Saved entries
════════
Lemma psi_respects1 : psi_respects 1 (fun _ => 1).
Proof.
move=> t [u [_ uE]]; have := uE 0%N isT; rewrite vsum0 subr0 expn1 => t0E.
have [c tc] := frob_inj (ex_intro _ (u 0%N) t0E).
by rewrite /psi_sum big_ord1 p_i0 !mul1r /p_i big_ord1 expn0 expr1; exists c.
Qed.

Lemma psi_sum_kappa m w e : (1 <= m)%N -> w 0%N = 1 ->
  congW m kappa (vsum 1 e) -> rdvd (pi 1%N) (psi_sum w e m - 1).
Proof.
move=> m1 w0 [v [_ vE]].
have e0p : rdvd P (e 0%N ^+ p - 1).
  have p1 : (0 < p - 1)%N by rewrite subn_gt0 prime_gt1.
  have := vE 0%N m1; rewrite vsum0 /kappa expn1 -(prednK p1) exprS => E.
  by exists (- v 0%N - P ^+ (p - 1).-1); rewrite mulrBr mulrN -E; ring.
have : rdvd P ((e 0%N - 1) ^+ p).
  apply: rdvd_cong e0p; rewrite -[1 in X in cong _ _ X](expr1n _ p).
  exact: cong_trans (cong_frobD pP _ _) (congD (cong_refl _ _) (cong_frobN pP _)).
case/frob_inj => c cE.
case: m m1 {vE} => // m _; rewrite /psi_sum big_ord_recl /= w0 p_i0 !mul1r addrAC.
apply: rdvdD; first by exists c.
by apply: rdvd_sum => j; apply/rdvdMr/rdvdMl/rdvd_pi1_p_i.
Qed.

Lemma psi_respects_extend m (w e B : nat -> S) c :
  psi_respects m w -> congW m kappa (vsum 1 e) -> cong P (psi_sum w e m * c) 1 ->
  (forall j, cong P (B j ^+ p) (- c * w j)) ->
  psi_respects m.+1 (fun j => if j is j'.+1 then B j' else 1).
Proof.
move=> wR eE uc BE t tK.
have [tau [t0E tauK]] := vsum_kernel_behead pP mulpI pi1X frob_inj eE tK.
set u := psi_sum w e m; set Z := psi_sum w (fun j => t j.+1 ^+ p) m.
have ZE : rdvd (p_i m) (Z - tau ^+ p * u) by rewrite -psi_sumZ -psi_sumB; apply: wR.
set T := \sum_(j < m) B j * p_i_root j * t j.+1.
have psiE : psi_sum (fun j => if j is j'.+1 then B j' else 1) t m.+1 = pi 1%N * (tau + T).
  rewrite /psi_sum big_ord_recl /= p_i0 t0E mulrDr !mul1r; congr (_ + _).
  by rewrite /T mulr_sumr; apply: eq_bigr => j _; rewrite /bump /= add0n p_iS; ring.
have frobT : cong P ((tau + T) ^+ p) (tau ^+ p - c * Z).
  apply: cong_trans (cong_frobD pP _ _) (congD (cong_refl _ _) _).
  apply: cong_trans (cong_frob_sum pP _) _.
  rewrite /Z /psi_sum mulr_sumr -sumrN; apply: cong_sum => j.
  have -> : - (c * (w j * p_i j * t j.+1 ^+ p)) = - c * w j * p_i j * t j.+1 ^+ p by ring.
  by rewrite !exprMn p_i_rootX; apply: congM (congM (BE j) (cong_refl _ _)) (cong_refl _ _).
have : rdvd (p_i m) ((tau + T) ^+ p).
  have -> : (tau + T) ^+ p = ((tau + T) ^+ p - (tau ^+ p - c * Z)) -
      tau ^+ p * (u * c - 1) - c * (Z - tau ^+ p * u) by ring.
  apply: rdvdB; first apply: rdvdB; last exact: rdvdMl.
  - exact: rdvd_trans (rdvd_p_i_p _) frobT.
  - exact/rdvdMl/(rdvd_trans (rdvd_p_i_p _) uc).
move/(frob_root_rdvd (ltnW (psum_lt m))) => rootT.
by rewrite psiE p_iS; apply: rdvd_mul (rdvd_refl _) rootT.
Qed.

Lemma psi_respectsS m w : (1 <= m)%N -> w 0%N = 1 -> (forall j, unit_mod p (w j)) ->
  psi_respects m w ->
  exists w', [/\ w' 0%N = 1, forall j, unit_mod p (w' j) & psi_respects m.+1 w'].
Proof.
move=> m1 w0 wU wR.
have [e eE] := vsum_decomposition pP mulpI frob_surj_add 1 (is_ghost_kappa pP mulpI m).
have [c uc] := unit_mod_pi1 (psi_sum_kappa m1 w0 eE).
have [B BE] : exists B, forall j, cong P (B j ^+ p) (- c * w j).
  exact: (functional_choice (fun j b => cong P (b ^+ p) (- c * w j))).
exists (fun j => if j is j'.+1 then B j' else 1).
split => //; last exact: psi_respects_extend wR eE uc BE.
case=> [|j]; first exact: unit_mod1.
apply: (unit_mod_frob_root pP _ (BE j)); apply: unit_modM (wU j); apply: unit_modN.
by exists (psi_sum w e m); rewrite mulrC.
Qed.

Lemma psi_respects_exists m : (1 <= m)%N ->
  exists w, [/\ w 0%N = 1, forall j, unit_mod p (w j) & psi_respects m w].
Proof.
elim: m => // -[_ _|m IH _].
  by exists (fun _ => 1); split => // [_|]; [exact: unit_mod1 | exact: psi_respects1].
by have [w [w0 wU wR]] := IH isT; apply: psi_respectsS wR.
Qed.

Lemma psi_sum_single w k b m : (k < m)%N ->
  psi_sum w (fun j => if j == k then b else 0) m = w k * p_i k * b.
Proof.
move=> km; rewrite /psi_sum (bigD1 (Ordinal km)) //= eqxx big1 ?addr0 // => j jk.
by rewrite ifN ?mulr0 //; apply: contra jk => /eqP jk; apply/eqP/val_inj.
Qed.

Section PsiMap.
Variables (n : nat) (w : nat -> S) (dec : ('I_n.+1 -> S) -> nat -> S).
Hypothesis w0 : w 0%N = 1.
Hypothesis wR : psi_respects n.+1 w.
Hypothesis decE : forall x, congW n.+1 (ghostn p (fun j => x (inord j))) (vsum 1 (dec x)).
Local Notation m := n.+1.

Definition psi (x : 'I_m -> S) : S := psi_sum w (dec x) m.

Lemma psi_sum_cong t s :
  congW m (vsum 1 t) (vsum 1 s) -> cong (p_i m) (psi_sum w t m) (psi_sum w s m).
Proof.
move=> /congW_subr0 ts; rewrite /cong -psi_sumB; apply: wR.
exact: (congW_trans pP (congW_sym pP (vsumB pP _ _ _ (leqnn 1))) ts).
Qed.

Lemma psiE x t : congW m (ghostn p (fun j => x (inord j))) (vsum 1 t) ->
  cong (p_i m) (psi x) (psi_sum w t m).
Proof. by move=> xt; apply/psi_sum_cong/(congW_trans pP (congW_sym pP (decE x)) xt). Qed.

Lemma psi_additive x y z : (forall i, ghost p z i = ghost p x i + ghost p y i) ->
  cong (p_i m) (psi z) (psi x + psi y).
Proof.
move=> zE; rewrite -psi_sumD; apply: psiE.
apply: (congW_trans pP _ (vsumD pP _ _ _ (leqnn 1))).
apply: (congW_trans pP _ (congWD pP (decE x) (decE y))).
by apply: (eq_congW pP) => i im; rewrite !ghostn_inord.
Qed.

Lemma psi_pmul x z : (forall i, ghost p z i = P * ghost p x i) -> cong (p_i m) (psi z) 0.
Proof.
move=> zE; have -> : 0 = psi_sum w (fun _ => 0) m by rewrite /psi_sum big1 // => j _; rewrite mulr0.
apply: psiE; exists (ghostn p (fun j => x (inord j))).
split; first by exists (fun j => x (inord j)).
move=> i im; rewrite !ghostn_inord // zE.
by rewrite /vsum big1 ?subr0 // => j _; rewrite expr0pn // mulr0.
Qed.

Lemma psi_scale a x z : (forall i, ghost p z i = ghost p (teich m (a ^+ p)) i * ghost p x i) ->
  cong (p_i m) (psi z) (a * psi x).
Proof.
move=> zE; rewrite /psi -psi_sumZ; apply: psiE.
have zx : congW m (ghostn p (fun j => z (inord j)))
    (fun i => (a ^+ p) ^+ (p ^ i) * ghostn p (fun j => x (inord j)) i).
  by apply: (eq_congW pP) => i im; rewrite !ghostn_inord // zE -ghostn_inord ?ghostn_teich.
apply: (congW_trans pP zx); apply: congW_ext (congW_multeich (a ^+ p) (decE x)) => // i _.
exact: vsum_multeich.
Qed.

Lemma psi_teich1 : cong (p_i m) (psi (teich m 1)) 1.
Proof.
suff : cong (p_i m) (psi (teich m 1)) (psi_sum w (fun j => if j == 0%N then 1 else 0) m).
  by rewrite psi_sum_single // w0 p_i0 !mulr1.
apply: psiE; apply: (eq_congW pP) => i im.
by rewrite vsum_single // ghostn_teich // !expr1n expr0 mulr1.
Qed.

Lemma psi_versch a b : cong P (b ^+ (p ^ m)) a ->
  cong (p_i m) (psi (verschV m a)) (w n * p_i n * b).
Proof.
move=> [c bc]; rewrite -(@psi_sum_single w n b m (ltnSn n)); apply: psiE.
exists (ghostn p (fun j => if j == n then - c else 0)); split; first by eexists.
move=> i im; rewrite vsum_single // ghostn_single // ghostn_versch //.
have [-> | ni] := eqVneq i n; last by rewrite leqNgt ltn_neqAle ni -ltnS im subrr mulr0.
have -> : a = b ^+ (p ^ m) - P * c by rewrite -bc; ring.
by rewrite leqnn subnn expn0 expr1; ring.
Qed.

Lemma psi_Qlinear : Qlinear p (p_i m) psi.
Proof. by split; [exact: psi_additive | split; [exact: psi_pmul | exact: psi_scale]]. Qed.

End PsiMap.

Lemma psi_exists n : exists (f : ('I_n.+1 -> S) -> S) (w : S),
  [/\ unit_mod p w, Qlinear p (p_i n.+1) f, cong (p_i n.+1) (f (teich n.+1 1)) 1 &
    forall a b : S, cong P (b ^+ (p ^ n.+1)) a ->
      cong (p_i n.+1) (f (verschV n.+1 a)) (w * p_i n * b)].
Proof.
have [w [w0 wU wR]] := psi_respects_exists (ltn0Sn n).
have [dec decE] : exists dec : ('I_n.+1 -> S) -> nat -> S,
    forall x, congW n.+1 (ghostn p (fun j => x (inord j))) (vsum 1 (dec x)).
  apply: (functional_choice (fun x t => congW n.+1 _ (vsum 1 t))) => x.
  by apply: (vsum_decomposition pP mulpI frob_surj_add); eexists.
exists (psi w dec), (w n); split; first exact: wU.
- exact: psi_Qlinear.
- exact: psi_teich1.
- exact: psi_versch.
Qed.

End Perfectoid.

(* Evaluation of integral polynomials ([mmap]) needs a nontrivial ring. *)
Section NonZeroAlias.
Variable R : comPzRingType.
Hypothesis R_nz : (1 : R) != 0.
Definition nz_carrier : Type := R.
HB.instance Definition _ := GRing.ComPzRing.on nz_carrier.
HB.instance Definition _ := GRing.PzSemiRing_isNonZero.Build nz_carrier R_nz.
Definition nz_ring : comNzRingType := nz_carrier.
End NonZeroAlias.

Lemma rdvd_zero_ring (R : comPzRingType) (a b : R) : (1 : R) = 0 -> rdvd a b.
Proof. by move=> R0; exists 0; rewrite mulr0 -[b]mul1r R0 mul0r. Qed.

Theorem theorem4p7 (R : comPzRingType) (p : nat) (pi : nat -> R) (n : nat) :
  prime p -> ptorsion_free R p -> compatible_roots p pi ->
  perfectoid_tf p pi -> (1 <= n)%N ->
  exists (f : ('I_n -> R) -> R) (w : R),
    unit_mod p w /\
    Qlinear p (p_i p pi n) f /\
    cong (p_i p pi n) (f (teich n 1)) 1 /\
    (forall a b : R, cong p%:R (b ^+ (p ^ n)) a ->
       cong (p_i p pi n) (f (verschV n a)) (w * p_i p pi n.-1 * b)).
Proof.
move=> pP ptf [pi0 piS] [_ [frob_surj frob_inj]]; case: n => // n _.
have [R0 | R_nz] := eqVneq (1 : R) 0.
  exists (fun _ => 0), 0; split; first by exists 0; apply: rdvd_zero_ring.
  by do ![split | move=> *]; apply: rdvd_zero_ring.
have [f [w [wU fQ f1 fV]]] := @psi_exists (nz_ring R_nz) p pi pP ptf pi0 piS frob_inj frob_surj n.
by exists f, w.
Qed.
════════
• Assigned task: Set down, exactly as they stand above, the lines starting with the line with "move=> km; rewrite" and going on through the line with "Lemma psi_sum_cong t", and no others.

• Answer for the task:
move=> km; rewrite /psi_sum (bigD1 (Ordinal km)) //= eqxx big1 ?addr0 // => j jk.
by rewrite ifN ?mulr0 //; apply: contra jk => /eqP jk; apply/eqP/val_inj.
Qed.

Section PsiMap.
Variables (n : nat) (w : nat -> S) (dec : ('I_n.+1 -> S) -> nat -> S).
Hypothesis w0 : w 0%N = 1.
Hypothesis wR : psi_respects n.+1 w.
Hypothesis decE : forall x, congW n.+1 (ghostn p (fun j => x (inord j))) (vsum 1 (dec x)).
Local Notation m := n.+1.

Definition psi (x : 'I_m -> S) : S := psi_sum w (dec x) m.

Lemma psi_sum_cong t s :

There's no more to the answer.